Dear Becky, Dear All,
Using a vibrator placed on the mastoid and an accelerometer placed on the
forehead, my colleague John West and I made bone conduction frequency
response measurements, a long while ago, with eight normal adults. A
classic B&K continuous sweep sine wave source was used. The results
whilst being individually consistent were markedly variant from person to
person. Trough to peak differences greater than 10dB were found in the
range ~200Hz to ~2kHz for some of the subjects.
We partly monitor our speech production on the basis of bone conduction
and our aim was to gain an initial understanding of the possibility that
this pathway might contribute to some aspects of anomalous speech
acquisition in young children. In the present context, however, it
may be that Becky?s observations are also in part explicable by person to
person acoustic skull response differences.
All god wishes,
Adrian
At 08:52 19/02/2016, Shahnaz, Navid wrote:
Hi
As Stefan have nicely pointed out 0 dB HL reflects an average among
a group of normal hearing adults and does not take into account
individual differences. Beside individual variability, calibration can
also be a major issue. ANSI provides the calibration bone Reference
Equivalent Threshold Force Levels (RETFLs) as force thresholds with a
reference of 1 micro-Newton. With so many variables, including
temperature and type of artificial mastoid used (B & K or disk type
from Larson and Davis or more recently an acoustic method which
incorporate acoustic radiation from the bone vibrator -see Margolis
attached), you will have to trust your service provider to derive the
proper bone calibration levels for the mastoid utilized or you should
calibrate your own device if you feel comfortable doing so and have
proper calibration devices. Moreover, in order to test hearing down
to 0 dB HL, the background noise should not exceed the Maximum
Permissible Ambient Noise Levels for Audiometric Test Rooms (ANSI
S3.1-1999) especially for BC testing. In fact the most common discrepancy
between AC and BC thresholds has been observed at 4 kHz, for BC
thresholds being better than AC thresholds using HL values.

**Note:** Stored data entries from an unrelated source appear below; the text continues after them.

(* Let $G$ be a three-dimensional space group and $\mathbf{q}$ a point whose site-symmetry group $G_\mathbf{q}$ is maximal and isomorphic to one of the point groups $O$, $T_d$ or $O_h$ (the only crystallographic point groups with four-dimensional irreducible representations). Then there is no point $\mathbf{q}_0$ whose site-symmetry group $G_{\mathbf{q}_0}$ is a subgroup of index two in $G_\mathbf{q}$.
   Context: A space group $G$ is a group of affine isometries of $\mathbb{R}^3$ containing a Bravais lattice of translations. The site-symmetry group of a point $\mathbf{q}$ is $G_\mathbf{q}=\{g\in G:g\mathbf{q}=\mathbf{q}\}$; it is maximal if there is no finite group $H\neq G_\mathbf{q}$ with $G_\mathbf{q}\subset H\subset G$. *)

From HB Require Import structures.
From mathcomp Require Import all_boot all_order all_algebra.
From mathcomp Require Import reals.
Set Implicit Arguments. Unset Strict Implicit. Unset Printing Implicit Defensive.
Import Order.TTheory GRing.Theory Num.Theory.
Local Open Scope ring_scope.

Section Defs.
Variable R : realType.

Definition aff := ('M[R]_3 * 'cV[R]_3)%type.

Definition act (g : aff) (x : 'cV[R]_3) : 'cV[R]_3 := g.1 *m x + g.2.

Definition comp (g h : aff) : aff := (g.1 *m h.1, g.1 *m h.2 + g.2).
Definition aff_id : aff := (1%:M, 0).
(* inverse of an isometry (A orthogonal) *)
Definition aff_inv (g : aff) : aff := (g.1^T, - (g.1^T *m g.2)).

Definition orthogonal_mx (A : 'M[R]_3) : Prop := A *m A^T = 1%:M.

Definition isom_group (H : aff -> Prop) : Prop :=
  [/\ forall g, H g -> orthogonal_mx g.1,
      H aff_id,
      forall g h, H g -> H h -> H (comp g h)
    & forall g, H g -> H (aff_inv g)].

Definition finite_set (H : aff -> Prop) : Prop :=
  exists s : seq aff, forall g, H g -> g \in s.

Definition space_group (G : aff -> Prop) : Prop :=
  isom_group G /\
  exists B : 'M[R]_3, B \in unitmx /\
    forall t : 'cV[R]_3,
      G (1%:M, t) <-> exists v : 'cV[int]_3, t = B *m map_mx (fun z : int => z%:~R) v.

Definition site (G : aff -> Prop) (q : 'cV[R]_3) : aff -> Prop :=
  fun g => G g /\ act g q = q.

Definition maximal_site (G : aff -> Prop) (q : 'cV[R]_3) : Prop :=
  forall H : aff -> Prop, isom_group H -> finite_set H ->
    (forall g, site G q g -> H g) -> (forall g, H g -> G g) ->
    forall g, H g -> site G q g.

(* O_h : all signed permutation matrices *)
Definition Oh_group (M : 'M[R]_3) : Prop :=
  (forall i j, M i j = 0 \/ M i j = 1 \/ M i j = -1) /\ orthogonal_mx M.
Definition O_group (M : 'M[R]_3) : Prop := Oh_group M /\ \det M = 1.
(* T_d : signed permutation matrices whose product of nonzero entries is 1 *)
Definition Td_group (M : 'M[R]_3) : Prop :=
  Oh_group M /\ \prod_(i < 3) (\sum_(j < 3) M i j) = 1.

Definition isomorphic (H : aff -> Prop) (P : 'M[R]_3 -> Prop) : Prop :=
  exists f : aff -> 'M[R]_3,
    [/\ forall g, H g -> P (f g),
        forall g h, H g -> H h -> f g = f h -> g = h,
        forall M, P M -> exists2 g, H g & f g = M
      & forall g h, H g -> H h -> f (comp g h) = f g *m f h].

Definition index_two_subgroup (K H : aff -> Prop) : Prop :=
  (forall g, K g -> H g) /\
  exists c, [/\ H c, ~ K c &
    forall g, H g -> K g \/ K (comp (aff_inv c) g)].

End Defs.

From Pilot Require Import Defs.
From HB Require Import structures.
From mathcomp Require Import all_boot all_order all_algebra.
From mathcomp Require Import reals ring lra.
Set Implicit Arguments. Unset Strict Implicit. Unset Printing Implicit Defensive.
Import Order.TTheory GRing.Theory Num.Theory.
Local Open Scope ring_scope.

(* Let v = q0 - q.  Inside G_q the subgroup G_q0 is the stabiliser of v, so
   an index-two G_q0 means that v has an orbit {v, w} with w <> v; an element
   of order three must then fix v.  The rotations of order three of O, T_d and
   O_h have determinant one, so their preimages in G_q are rotations about the
   common axis v.  Such rotations commute with the cross-product matrix [v]x,
   which has a cyclic vector, hence they commute with each other -- whereas
   the rotations about (1,1,1) and (1,-1,-1) do not. *)

Section Centralizer.
Variables (R : comUnitRingType) (n' : nat).
Local Notation n := n'.+1.
Implicit Types A X Y : 'M[R]_n.

Definition krylov_mx A (w : 'cV[R]_n) : 'M[R]_n := \matrix_(i, k) (A ^+ k *m w) i 0.

Lemma mulmx_krylov X A w :
  X *m krylov_mx A w = \matrix_(i, k) (X *m (A ^+ k *m w)) i 0.
Proof. by apply/matrixP => i k; rewrite !mxE; apply: eq_bigr => j _; rewrite mxE. Qed.

Lemma krylov_mulmx A w (c : 'cV[R]_n) :
  krylov_mx A w *m c = (\sum_(k < n) c k 0 *: A ^+ k) *m w.
Proof.
rewrite mulmx_suml; apply/colP => i; rewrite !mxE summxE.
by apply: eq_bigr => k _; rewrite -scalemxAl !mxE mulrC.
Qed.

Lemma centralizer_cyclic A X w :
  krylov_mx A w \in unitmx -> comm_mx A X -> exists p, X = horner_mx A p.
Proof.
move=> Kunit AX; set K := krylov_mx A w.
exists (\sum_(k < n) (invmx K *m (X *m w)) k 0 *: 'X^k).
set P := horner_mx A _.
have PA : comm_mx P A by apply: comm_horner_mx.
have Pw : P *m w = X *m w.
  rewrite -[RHS](mulKVmx Kunit) krylov_mulmx /P linear_sum /=.
  by congr (_ *m w); apply: eq_bigr => k _; rewrite linearZ rmorphXn /= horner_mx_X.
(* X and P commute with A and agree on w, hence on every column A^k w of K. *)
have XK : X *m K = P *m K.
  rewrite !mulmx_krylov; apply/matrixP => i k; rewrite [LHS]mxE [RHS]mxE.
  have XAk : X *m A ^+ k = A ^+ k *m X := commrX k (esym AX).
  have PAk : P *m A ^+ k = A ^+ k *m P := commrX k PA.
  by rewrite !mulmxA XAk PAk -!mulmxA Pw.
by rewrite -[X](mulmxK Kunit) XK mulmxK.
Qed.

Lemma centralizer_cyclic_comm A X Y w :
  krylov_mx A w \in unitmx -> comm_mx A X -> comm_mx A Y -> comm_mx X Y.
Proof.
move=> Kunit /(centralizer_cyclic Kunit) [p ->] /(centralizer_cyclic Kunit) [q ->].
exact: comm_horner_mx2.
Qed.

End Centralizer.

Definition dotmul (R : pzRingType) n (x y : 'cV[R]_n) : R := (x^T *m y) 0 0.

Lemma dotmulvv_eq0 (R : realDomainType) n (x : 'cV[R]_n) :
  (dotmul x x == 0) = (x == 0).
Proof.
apply/idP/eqP => [|->]; last by rewrite /dotmul mulmx0 mxE.
have sq j : 0 <= x^T 0 j * x j 0 by rewrite mxE -expr2 sqr_ge0.
rewrite /dotmul mxE => /eqP /(psumr_eq0P (fun j _ => sq j)) x0.
apply/colP => i; rewrite mxE; apply/eqP; rewrite -sqrf_eq0 expr2; apply/eqP.
by have := x0 i isT; rewrite mxE.
Qed.

Local Notation i0 := (@Ordinal 3 0 isT).
Local Notation i1 := (@Ordinal 3 1 isT).
Local Notation i2 := (@Ordinal 3 2 isT).

Section Matrix3.
Variable R : comUnitRingType.
Implicit Types A M : 'M[R]_3.

Lemma ord3P (P : 'I_3 -> Prop) : P i0 -> P i1 -> P i2 -> forall i, P i.
Proof. by move=> ? ? ? [[|[|[|//]]] i3]; rewrite (bool_irrelevance i3 isT). Qed.

Lemma sum3E (F : 'I_3 -> R) : \sum_(i < 3) F i = F i0 + F i1 + F i2.
Proof.
rewrite !big_ord_recl big_ord0 addr0 addrA.
by congr (F _ + F _ + F _); apply: val_inj.
Qed.

Lemma mulmx3E m n (A : 'M[R]_(m, 3)) (B : 'M[R]_(3, n)) i j :
  (A *m B) i j = A i i0 * B i0 j + A i i1 * B i1 j + A i i2 * B i2 j.
Proof. by rewrite mxE sum3E. Qed.

Lemma det_mx33 M : \det M =
  M i0 i0 * (M i1 i1 * M i2 i2 - M i1 i2 * M i2 i1)
  + M i0 i1 * (M i1 i2 * M i2 i0 - M i1 i0 * M i2 i2)
  + M i0 i2 * (M i1 i0 * M i2 i1 - M i1 i1 * M i2 i0).
Proof.
(* Indexing by nat identifies the ordinals produced by [lift] with i0, i1, i2. *)
pose a k l := M (inord k) (inord l).
have aE i j : M i j = a i j by rewrite /a !inord_val.
rewrite (expand_det_row _ ord0) sum3E /cofactor.
rewrite !(expand_det_row _ ord0) !big_ord_recl !big_ord0 /cofactor !det_mx11 !mxE.
by clearbody a; rewrite !aE /=; ring.
Qed.

Definition mx3 (a b c d e f g h k : R) : 'M[R]_3 :=
  \matrix_(i, j) nth 0 (nth [::] [:: [:: a; b; c]; [:: d; e; f]; [:: g; h; k]] i) j.

Definition crossmx (v : 'cV[R]_3) : 'M[R]_3 :=
  let: (x, y, z) := (v i0 0, v i1 0, v i2 0) in
  mx3 0 (- z) y z 0 (- x) (- y) x 0.

(* The transposed adjugate, written out so that [ring] can handle it. *)
Definition cofmx M : 'M[R]_3 :=
  let c i j k l := M i j * M k l - M i l * M k j in
  mx3 (c i1 i1 i2 i2) (c i1 i2 i2 i0) (c i1 i0 i2 i1)
      (c i2 i1 i0 i2) (c i2 i2 i0 i0) (c i2 i0 i0 i1)
      (c i0 i1 i1 i2) (c i0 i2 i1 i0) (c i0 i0 i1 i1).

Lemma crossmx_mulmx A x : crossmx (A *m x) *m A = cofmx A *m crossmx x.
Proof.
by apply/matrixP; apply: ord3P; apply: ord3P; rewrite !mulmx3E !mxE /= ?sum3E; ring.
Qed.

Lemma cofmx_mulmx A : (cofmx A)^T *m A = (\det A)%:M.
Proof.
by apply/matrixP; apply: ord3P; apply: ord3P; rewrite !mulmx3E !mxE /= det_mx33; ring.
Qed.

Lemma det_krylov_crossmx v w :
  \det (krylov_mx (crossmx v) w) =
  dotmul v w * (dotmul v v * dotmul w w - dotmul v w ^+ 2).
Proof.
have K0 i : krylov_mx (crossmx v) w i i0 = w i 0 by rewrite mxE expr0 -idmxE mul1mx.
have K1 i : krylov_mx (crossmx v) w i i1 = (crossmx v *m w) i 0 by rewrite mxE expr1.
have K2 i : krylov_mx (crossmx v) w i i2 = (crossmx v *m (crossmx v *m w)) i 0.
  by rewrite mxE expr2 mulmxA.
by rewrite det_mx33 !K0 !K1 !K2 /dotmul !mulmx3E !mxE /=; ring.
Qed.

(* The i-th summand is |v|^4 |v x e_i|^2.  No single vector is cyclic for
   every nonzero v (hairy ball), hence the sum over three candidates. *)
Lemma crossmx_krylov_det_sum v :
  \sum_(i < 3) \det (krylov_mx (crossmx v) (v + col i (crossmx v)))
  = 2 * dotmul v v ^+ 3.
Proof. by rewrite sum3E !det_krylov_crossmx /dotmul !mulmx3E !mxE /=; ring. Qed.

End Matrix3.

Section Rotation.
Variable R : realFieldType.
Implicit Types A B : 'M[R]_3.

Lemma cofmx_orthogonal A : A *m A^T = 1%:M -> cofmx A = \det A *: A.
Proof.
move=> AAT; apply: trmx_inj; rewrite linearZ /= -[LHS]mulmx1 -AAT mulmxA.
by rewrite cofmx_mulmx mul_scalar_mx.
Qed.

Lemma det_cube_eq1 A : A *m (A *m A) = 1%:M -> \det A = 1.
Proof.
move=> /(congr1 determinant); rewrite !det_mulmx det1; set d := \det A => d3.
have : (d - 1) * (d ^+ 2 + d + 1) = d * (d * d) - 1 by ring.
by rewrite d3 subrr => /eqP; rewrite mulf_eq0 => /orP[/eqP|/eqP]; nra.
Qed.

Lemma crossmx_comm_rotation A v :
  A *m A^T = 1%:M -> \det A = 1 -> A *m v = v -> comm_mx (crossmx v) A.
Proof.
move=> AAT detA Av; rewrite /comm_mx -{1}Av crossmx_mulmx cofmx_orthogonal //.
by rewrite detA scale1r.
Qed.

Lemma crossmx_cyclic (v : 'cV[R]_3) :
  v != 0 -> exists w, krylov_mx (crossmx v) w \in unitmx.
Proof.
move=> v0; pose K i := krylov_mx (crossmx v) (v + col i (crossmx v)).
have : \sum_(i < 3) \det (K i) != 0.
  by rewrite crossmx_krylov_det_sum mulf_neq0 ?pnatr_eq0 // expf_neq0 ?dotmulvv_eq0.
case: (pickP (fun i => \det (K i) != 0)) => [i Ki _ | none].
  by exists (v + col i (crossmx v)); rewrite unitmxE unitfE.
by rewrite big1 ?eqxx // => i _; apply/eqP/negbFE/none.
Qed.

Lemma rotations_same_axis_comm A B (v : 'cV[R]_3) :
  v != 0 -> A *m A^T = 1%:M -> B *m B^T = 1%:M -> \det A = 1 -> \det B = 1 ->
  A *m v = v -> B *m v = v -> A *m B = B *m A.
Proof.
move=> v0 AAT BBT detA detB Av Bv; have [w Kw] := crossmx_cyclic v0.
by apply: centralizer_cyclic_comm Kw _ _; apply: crossmx_comm_rotation.
Qed.

End Rotation.

Lemma fixed_of_order3 (T : Type) (f : T -> T) x y : injective f ->
  f (f (f x)) = x -> f x = x \/ f x = y -> f (f x) = x \/ f (f x) = y -> f x = x.
Proof.
move=> finj f3 [//|fx] [ffx | ffy]; first by rewrite -{2}f3 ffx.
by apply: finj; rewrite ffy fx.
Qed.

Section SiteSymmetry.
Variables (R : realType) (G : aff R -> Prop).
Hypothesis isoG : isom_group G.
Implicit Types (g h : aff R) (p q : 'cV[R]_3).

Lemma site_id q : site G q (aff_id R).
Proof. by case: isoG => _ Gid _ _; split; rewrite // /act mul1mx addr0. Qed.

Lemma site_comp q g h : site G q g -> site G q h -> site G q (Defs.comp g h).
Proof.
case: isoG => _ _ Gcomp _ [Gg gq] [Gh hq]; split; first exact: Gcomp.
by move: gq hq; rewrite /act /= => gq hq; rewrite -mulmxA addrA -mulmxDr hq.
Qed.

Lemma site_orthogonal q g : site G q g -> g.1 *m g.1^T = 1%:M.
Proof. by case: isoG => Gorth _ _ _ [/Gorth]. Qed.

Lemma site_translation q g : site G q g -> g.2 = q - g.1 *m q.
Proof. by case=> _ gq; rewrite -{1}gq /act addrC addKr. Qed.

Lemma site_eq q g h : site G q g -> site G q h -> g.1 = h.1 -> g = h.
Proof.
move=> /site_translation gt /site_translation ht e.
by rewrite [g]surjective_pairing [h]surjective_pairing gt ht e.
Qed.

Lemma site_fixE q p g : site G q g -> site G p g <-> g.1 *m (p - q) = p - q.
Proof.
move=> Hg; have -> : g.1 *m (p - q) = act g p - q.
  by rewrite /act (site_translation Hg) mulmxBr; apply/matrixP => i j; rewrite !mxE; ring.
split=> [[_ ->] // | /eqP]; rewrite (inj_eq (addIr _)) => /eqP gp.
by split=> //; case: Hg.
Qed.

Section IndexTwo.
Variables q q0 : 'cV[R]_3.
Hypothesis idx : index_two_subgroup (site G q0) (site G q).

Lemma index_two_site_neq : q0 != q.
Proof. by case: idx => _ [c [Hc Kc _]]; apply/eqP => e; apply: Kc; rewrite e. Qed.

Lemma index_two_site_orbit : exists w, forall g, site G q g ->
  g.1 *m (q0 - q) = q0 - q \/ g.1 *m (q0 - q) = w.
Proof.
case: idx => KH [c [Hc _ cover]]; exists (c.1 *m (q0 - q)) => g Hg.
have [Kg | Kcg] := cover g Hg; [left | right]; first exact/(site_fixE _ Hg).
have := (site_fixE _ (KH _ Kcg)).1 Kcg; rewrite /= -mulmxA => e.
by rewrite -{2}e mulmxA (site_orthogonal Hc) mul1mx.
Qed.

Lemma site_order3_fix g : site G q g -> g.1 *m (g.1 *m g.1) = 1%:M ->
  g.1 *m (q0 - q) = q0 - q.
Proof.
move=> Hg g3; have [w orbit] := index_two_site_orbit.
apply: (fixed_of_order3 (f := @mulmx _ 3 3 1 g.1) (y := w)).
- apply: (can_inj (g := mulmx g.1^T)) => x.
  by rewrite mulmxA (mulmx1C (site_orthogonal Hg)) mul1mx.
- by rewrite !mulmxA -(mulmxA g.1) g3 mul1mx.
- exact: orbit.
- by rewrite mulmxA; apply: (orbit (Defs.comp g g)); apply: site_comp.
Qed.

There are two papers that have recently been published that have looked
at BC thresholds distributions at different frequencies and false air
bone gap at 4 KHz recently and I have attached the two for your
reference. Hope this would shed some light into this matter.
Best Navid
From: AUDITORY - Research in
Auditory Perception [AUDITORY@xxxxxxxxxxxxxxx] on behalf of Stefan
Stenfelt [stefan.stenfelt@xxxxxx]
Sent: Thursday, February 18, 2016 11:37 PM
To: AUDITORY@xxxxxxxxxxxxxxx
Subject: SV: AC/BC: Why would bone conduction be poorer than air
conduction?
Becky and others,
This is an interesting subject and I also have a few thoughts on this. As
Jont eluded it is difficult to answer your precise issues unless we have
more information, but we can break down the problem in a few specific
issues that can shed some light on the problem.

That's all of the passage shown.